The Angles of Audain Art Museum

The Audian Art Museum in Whistler, BC is a stunning showcase of British Columbia art, offering breathtaking works from the province’s First Peoples through to its contemporary masters. It was established by Vancouver home builder and philanthropist Michael Audain over four years, beginning with an agreement in 2012 to construct a 25,000-square-foot museum to house Michael and Yoshiko Audain’s BC art collection—the area doubled to 56,000 square feet later in 2013.

The building’s interior and exterior steel stud framing, insulation, and interior and exterior drywall were completed by BCWCA member Nova Drywall Systems Inc., and earned the company the association’s 2016 Best Interior Project award.
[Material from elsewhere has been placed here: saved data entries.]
Lemma kmul_nturns cw restr a b : arrangement a ->
  kmul (nturns cw restr) (nturns (~~ cw) restr) a b = #|two_turns cw restr a b|.
Proof.
move=> a_arr; rewrite -sum_nat_of_bool.
transitivity (\sum_x \sum_y (two_turns cw restr a b (x, y) : nat)); last first.
  by rewrite pair_big; apply: eq_bigr => -[].
rewrite /kmul /nturns; under eq_bigr do rewrite big_distrl /=.
rewrite exchange_big /=; apply: eq_bigr => x _.
under [RHS]eq_bigr do rewrite /two_turns andbA.
case x_ok: (turn_ok restr x && valid_turn (tofun a) (tofun x)) => /=; last first.
  by rewrite !big1.
have /andP [_ x_valid] := x_ok.
have step_bounded i : step cw (tofun a) (tofun x) i <= N by exact: step_leN.
rewrite sum_tofun_eq // fvec_ofK //.
by apply: eq_bigr => y _; rewrite andbA.
Qed.

(* In a clockwise turn x followed by a counterclockwise turn y, [back_forth x y i] marbles
   can be taken to go from p_i to p_(i+1) and straight back. *)
Definition back_forth x y i := minn (tofun x i) (tofun y (ordS i)).

Definition uncross_ccw x y i := tofun y i - back_forth x y (ord_pred i) + back_forth x y i.
Definition uncross_cw x y i := tofun x i - back_forth x y i + back_forth x y (ordS i).
Definition uncross (p : fvec k N * fvec k N) :=
  (fvec_of (uncross_ccw p.1 p.2), fvec_of (uncross_cw p.1 p.2)).

(* After uncrossing, [back_forth] at index i is the original amount at index i + 1. *)
Definition recross_cw x y i := tofun x i - back_forth x y i + back_forth x y (ord_pred i).
Definition recross_ccw x y i :=
  tofun y i - back_forth x y (ord_pred i) + back_forth x y (ord_pred (ord_pred i)).
Definition recross (q : fvec k N * fvec k N) :=
  (fvec_of (recross_cw q.2 q.1), fvec_of (recross_ccw q.2 q.1)).

Lemma uncross_step restr a b x y : two_turns true restr a b (x, y) -> forall i,
  let a' := step false (tofun a) (uncross_ccw x y) in
  [/\ uncross_ccw x y i <= tofun a i, uncross_cw x y i <= a' i &
      step true a' (uncross_cw x y) i = tofun b i].
Proof.
case/and5P => _ /forallP x_le _ /forallP y_le /forallP final_b i /=.
move: (x_le i) (y_le i) (eqP (final_b i)).
rewrite /step /uncross_ccw /uncross_cw /back_forth ?ordSK ?ord_predK /=.
by move=> *; split; lia.
Qed.

Lemma sum_uncross_ccw x y : \sum_i uncross_ccw x y i = marbles y.
Proof.
transitivity
  (\sum_i (tofun y i - back_forth x y (ord_pred i) + back_forth x y (ord_pred (ordS i)))).
  by apply: eq_bigr => i _; rewrite ordSK.
by apply: (sum_transfer (@ordS_inj k)) => i; rewrite /back_forth ord_predK geq_minr.
Qed.

Lemma sum_uncross_cw x y : \sum_i uncross_cw x y i = marbles x.
Proof. by apply: (sum_transfer (@ordS_inj k)) => i; rewrite geq_minl. Qed.

Lemma uncross_leN restr a b x y : arrangement a -> two_turns true restr a b (x, y) ->
  (forall i, uncross_ccw x y i <= N) /\ (forall i, uncross_cw x y i <= N).
Proof.
move=> a_arr /uncross_step loc.
have ccw_valid : valid_turn (tofun a) (uncross_ccw x y) by apply/forallP => i; case: (loc i).
split=> i; have [le_a le_a' _] := loc i.
  exact: leq_trans le_a (tofun_le a i).
exact: leq_trans le_a' (step_leN _ _ a_arr ccw_valid).
Qed.

Lemma uncross_valid restr a b p : arrangement a ->
  two_turns true restr a b p -> two_turns false restr a b (uncross p).
Proof.
case: p => x y a_arr two_xy; have [ccw_le cw_le] := uncross_leN a_arr two_xy.
have /and5P [x_ok _ y_ok _ _] := two_xy; have loc := uncross_step two_xy.
rewrite /two_turns /= !fvec_ofK //; apply/and5P; split.
- by rewrite (turn_ok_marbles _ (y := y)) // /marbles fvec_ofK // sum_uncross_ccw.
- by apply/forallP => i; case: (loc i).
- by rewrite (turn_ok_marbles _ (y := x)) // /marbles fvec_ofK // sum_uncross_cw.
- by apply/forallP => i; case: (loc i).
- by apply/forallP => i; case: (loc i) => _ _ ->.
Qed.

Lemma recrossK restr a b p : arrangement a ->
  two_turns true restr a b p -> recross (uncross p) = p.
Proof.
case: p => x y a_arr two_xy; have [ccw_le cw_le] := uncross_leN a_arr two_xy.
rewrite /recross /uncross /=.
have -> : recross_cw (fvec_of (uncross_cw x y)) (fvec_of (uncross_ccw x y)) = tofun x.
  apply: functional_extensionality => i; rewrite /recross_cw /back_forth !fvec_ofK //.
  by rewrite /uncross_cw /uncross_ccw /back_forth ?ordSK ?ord_predK; lia.
have -> : recross_ccw (fvec_of (uncross_cw x y)) (fvec_of (uncross_ccw x y)) = tofun y.
  apply: functional_extensionality => i; rewrite /recross_ccw /back_forth !fvec_ofK //.
  by rewrite /uncross_cw /uncross_ccw /back_forth ?ordSK ?ord_predK; lia.
by rewrite !tofunK.
Qed.

Lemma kmul_nturns_le restr a b : arrangement a ->
  kmul (nturns true restr) (nturns false restr) a b <=
  kmul (nturns false restr) (nturns true restr) a b.
Proof.
move=> a_arr; rewrite (kmul_nturns true) // (kmul_nturns false) //.
apply: (@leq_card_in_can _ _ _ _ uncross recross) => p two_p.
  exact: uncross_valid.
exact: recrossK two_p.
Qed.

Lemma kmul_nturns_frev restr a b :
  kmul (nturns false restr) (nturns true restr) a b =
  kmul (nturns true restr) (nturns false restr) (frev a) (frev b).
Proof.
rewrite /kmul (reindex_inj (can_inj frevK)); apply: eq_bigr => m _.
by rewrite (nturns_rev false) (nturns_rev true _ (frev m)) frevK.
Qed.

Lemma nturns_comm restr a b : arrangement a ->
  kmul (nturns true restr) (nturns false restr) a b =
  kmul (nturns false restr) (nturns true restr) a b.
Proof.
move=> a_arr; apply/eqP; rewrite eqn_leq kmul_nturns_le //= kmul_nturns_frev.
rewrite (leq_trans (kmul_nturns_le _ _ _)) ?arrangement_frev //.
by rewrite kmul_nturns_frev !frevK.
Qed.
End Games.

Section Cylindric.
Local Open Scope ring_scope.
Lemma sum_Arr k n alpha : cylindric k n alpha -> (\sum_(i < k) Arr alpha i = n - k)%N.
Proof.
case=> alpha_mono alpha_period.
have abs_alpha_diff (j : nat) :
    (absz (alpha (j%:Z - 1) - alpha (j%:Z))%R)%:Z = alpha (j%:Z - 1) - alpha (j%:Z).
  by rewrite gez0_abs // subr_ge0 -{1}(subrK (1 : int) j%:Z); exact: alpha_mono.
have telescope (j : nat) : (\sum_(i < j) absz (alpha (i%:Z - 1) - alpha (i%:Z))%R)%N%:Z =
    alpha (-1) - alpha (j%:Z - 1).
  elim: j => [|j IH]; first by rewrite big_ord0 subrr.
  have -> : j.+1%:Z - 1 = j%:Z by rewrite -addn1 PoszD addrK.
  by rewrite big_ord_recr PoszD IH abs_alpha_diff addrA subrK.
have : (\sum_(i < k) Arr alpha i)%N%:Z = n%:Z - k%:Z.
  by rewrite [LHS](telescope k) [alpha (-1)]alpha_period (_ : -1 + k%:Z = k%:Z - 1); lia.
lia.
Qed.
End Cylindric.

Unset Implicit Arguments.
Theorem mainTheorem9 (k n : nat) (alpha : int -> int) (t : nat) :
  (1 <= k)%N -> (k < n)%N -> cylindric k n alpha ->
  forall restr : bool,
    n_games_from (n - k) t true restr (@Arr k alpha) =
      n_games_to (n - k) t restr (@Arr k alpha) /\
    n_games_to (n - k) t restr (@Arr k alpha) =
      n_games_from (n - k) t false restr (@Arr k alpha).
Proof.
move=> _ _ alpha_cyl restr.
have Arr_le (i : 'I_k) : Arr alpha i <= n - k.
  by rewrite -(sum_Arr alpha_cyl) leq_summand.
pose a := fvec_of (n - k) (@Arr k alpha).
have a_Arr : tofun a = Arr alpha := fvec_ofK Arr_le.
have a_arr : arrangement a by rewrite /arrangement /marbles a_Arr (sum_Arr alpha_cyl).
rewrite -a_Arr n_games_from_kpow // n_games_to_kpow // n_games_from_kpow //; split=> //.
apply: (kpow1_eq _ (@nturns_closed _ _ true restr) (@nturns_closed _ _ false restr) _ _ a_arr).
- by move=> c d c_arr; exact: nturns_comm.
- by move=> c c_arr; rewrite !kmulv_nturns1.
Qed.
The building was unique because it is a 56,000-square-foot, two-storey art museum built on the Fitzsimmons Creek food plain, said Ken Campbell, project manager for Nova Drywall Systems. The building is designed to withstand a 500-year flood of Fitzsimmons Creek by being build 15 feet off the ground.
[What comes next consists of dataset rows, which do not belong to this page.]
(** Graph distance (0 if no walk exists; irrelevant for connected graphs). *)
Lemma ex_walkb (x y : V) :
  (exists n, walk n x y) -> exists n, `[< walk n x y >].
Proof. by case=> n h; exists n; apply: asboolT. Qed.

Definition gdist (x y : V) : nat :=
  match pselect (exists n, walk n x y) with
  | left H => ex_minn (ex_walkb H)
  | right _ => 0%N
  end.

Definition W_o (o : V) (n : nat) : R :=
  \sum_(x \in [set x | (gdist o x <= n)%N])
     \sum_(y \in [set y | (gdist o x < gdist o y)%N]) mu x y.

(** u is a nontrivial positive solution of Delta_m u + u^p |grad u|^q <= 0.
    Conventions: 0^0 = 1 and 0^q = 0 for q > 0 (as powR does);
    for q < 0 the inequality fails wherever |grad u| = 0. *)
Definition nontriv_pos_sol (m p q : R) (u : V -> R) : Prop :=
  (exists x y, u x <> u y) /\ (forall x, 0 < u x) /\
  (forall x, (q < 0 -> gradn u x <> 0) /\
             mLap m u x + powR (u x) p * powR (gradn u x) q <= 0).

End GraphDefs.

(* With the normalized flux
   flux x y = |u y - u x|^(m-2) (u y - u x) / u(x)^(m-1) and the source
   source x = u(x)^(p+1-m) |grad u|^q (x) = (|grad u| (x) / u(x))^q, dividing
   the inequality at x by u(x)^(m-1) says that the flux leaving x dominates
   mu(x) source(x).  The flux is antisymmetric up to a nonnegative term, is at
   most 1, and on an edge it is at most K source(y): for q > 0 because
   |u x - u y| <= sqrt (2 p0) |grad u| (y), for q < 0 because of the Harnack
   bound u <= A u(y) on the neighbours of y.  Hence the mass
   M(n) = sum_(x in B(o,n)) mu(x) source(x) satisfies
   M(n) <= (flux out of B(o,n)) <= min (W_o(n), K (M(n+1) - M(n))),
   so M grows like (1 + 1/K)^n, which is incompatible with
   W_o(n) <= C e^(kappa n) once kappa < ln (1 + 1/K); M is positive for large n
   because u is not constant. *)

From mathcomp Require Import all_boot all_order all_algebra.
From mathcomp Require Import all_classical all_reals all_analysis.
From mathcomp Require Import finmap ring lra.
Import Order.TTheory GRing.Theory Num.Theory.
Set Implicit Arguments. Unset Strict Implicit. Unset Printing Implicit Defensive.
Local Open Scope classical_set_scope.
Local Open Scope ring_scope.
“This meant that a significant amount of structural design was required to assure the performance of the exterior steel stud framing to ensure protection from not only flood and seismic events, but the extreme weather conditions that occur at a ski resort,” said Campbell.
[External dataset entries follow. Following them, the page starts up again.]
Lemma wt_opt_iter t s : wt_opt p r beta t s = - iter t Topt (cst 1) s.
Proof.
by rewrite /wt_opt vt_opt_iter expR_Nmul_ln ?iter_Topt_gt0.
Qed.

End Optimality.

Section Reachability.
Variable d : S -> A.

Definition exit_free j := forall k, Bpow pexp d k (bexit pexp d) j = 0.

Definition exit_free_ind (y : option S) : R :=
  if y is Some j then `[< exit_free j >]%:R else 0.

Lemma pbar_ge0 z y : 0 <= pbar p d z y.
Proof. by case: z => [z|] //=; case: y. Qed.

Lemma occ_path_sum s t s' : occ p (stationary d) s t s' =
  path_sum t (fun=> pbar p d) (fun y => (y == Some s')%:R) (Some s).
Proof. by rewrite /occ /expect -(sum_path_prodE _ _ _ _ None). Qed.

Lemma exit_free_step j : exit_free j ->
  p j (d j) None = 0 /\ forall j', p j (d j) (Some j') != 0 -> exit_free j'.
Proof.
move=> fj; split.
  by move: (fj 0%N) => /eqP; rewrite mulf_eq0 (gt_eqF (expR_gt0 _)) orbF => /eqP.
move=> j' pj' k; have /psumr_eq0P := fj k.+1.
have bexit_pexp_ge0 := bexit_ge0 _ pexp_ge0 d.
move=> /(_ (fun i _ => mulr_ge0 (pexp_ge0 _ _ _) (Bpow_ge0 _ pexp_ge0 _ k _ bexit_pexp_ge0 i))).
move=> /(_ j' isT) /eqP; rewrite mulf_eq0 mulf_eq0 (negbTE pj') (gt_eqF (expR_gt0 _)).
by move/eqP.
Qed.

Lemma path_sum_exit_free t j :
  exit_free j -> path_sum t (fun=> pbar p d) exit_free_ind (Some j) = 1.
Proof.
elim: t j => [|t IH] j fj /=; first by rewrite (asboolT fj).
have [pN pS] := exit_free_step _ fj.
rewrite -(p_sum1 j (d j)); apply: eq_bigr => -[j'|] _ /=; last by rewrite pN mul0r.
by have [->|/pS/IH ->] := eqVneq (p j (d j) (Some j')) 0; rewrite ?mul0r ?mulr1.
Qed.

Lemma sum_occ_exit_free t j : exit_free j -> 1 <= \sum_s' occ p (stationary d) j t s'.
Proof.
move=> fj; under eq_bigr do rewrite occ_path_sum.
rewrite -path_sum_sum -[X in X <= _](path_sum_exit_free t _ fj).
apply: ler_path_sum => [k z y|[j'|]]; rewrite ?pbar_ge0 //=; last by rewrite big1.
rewrite (bigD1 j') //= eqxx big1 ?addr0; first by case: asboolP.
by move=> i /negbTE ij; rewrite (inj_eq Some_inj) eq_sym ij.
Qed.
To achieve this, the foundation is concrete and the lower floor is suspended on five concrete piers. “All of the work to the exterior and underside of the project had to be performed on scissor and boom lifts,” said Richard Newsham, chief estimator with Nova Drywall Systems. “When it rained this was not an easy task. The builder was also required to remove the fewest number of trees possible, so working between the trees and building was often a challenge.

Most of the interior steel stud and drywall work was completed on angles with walls reaching heights of 17 feet. The location where two off angles met was the location of the most challenge, said Newsham.

“On the exterior, having to work together with the engineer and the architect to provide the profiles that were expected along with maintaining structural integrity for wind and snow loads and conform to the seismic codes was not easy,” he said. “Our site superintendent and engineering firm deserve the credit for solving this puzzle.”

On the interior in the same location, the challenge was the same, compounded by people looking for straight lines and finished surfaces. “Again our supervisory team deserves all the credit here,” said Newsham.

“Nearly all areas are of a non-typical design and required skilled supervision and workers to create the off angles and sloped walls,” said Campbell. “All walls are to a level 5 finish.”

“Getting it right the first time” was the key to completing a level 5 finish in such a challenging environment, said Newsham. “Light checking 18’ high walls is the only way to make sure you have a flat surface. Our tradesmen gave us the finish that was demanded by the designer.”

“You can see the skill of the layout and framing crews, and the precision drywall required to create the high end product requirements of a museum that truly stands out among the world class buildings and architecture found in Whistler,” added Campbell.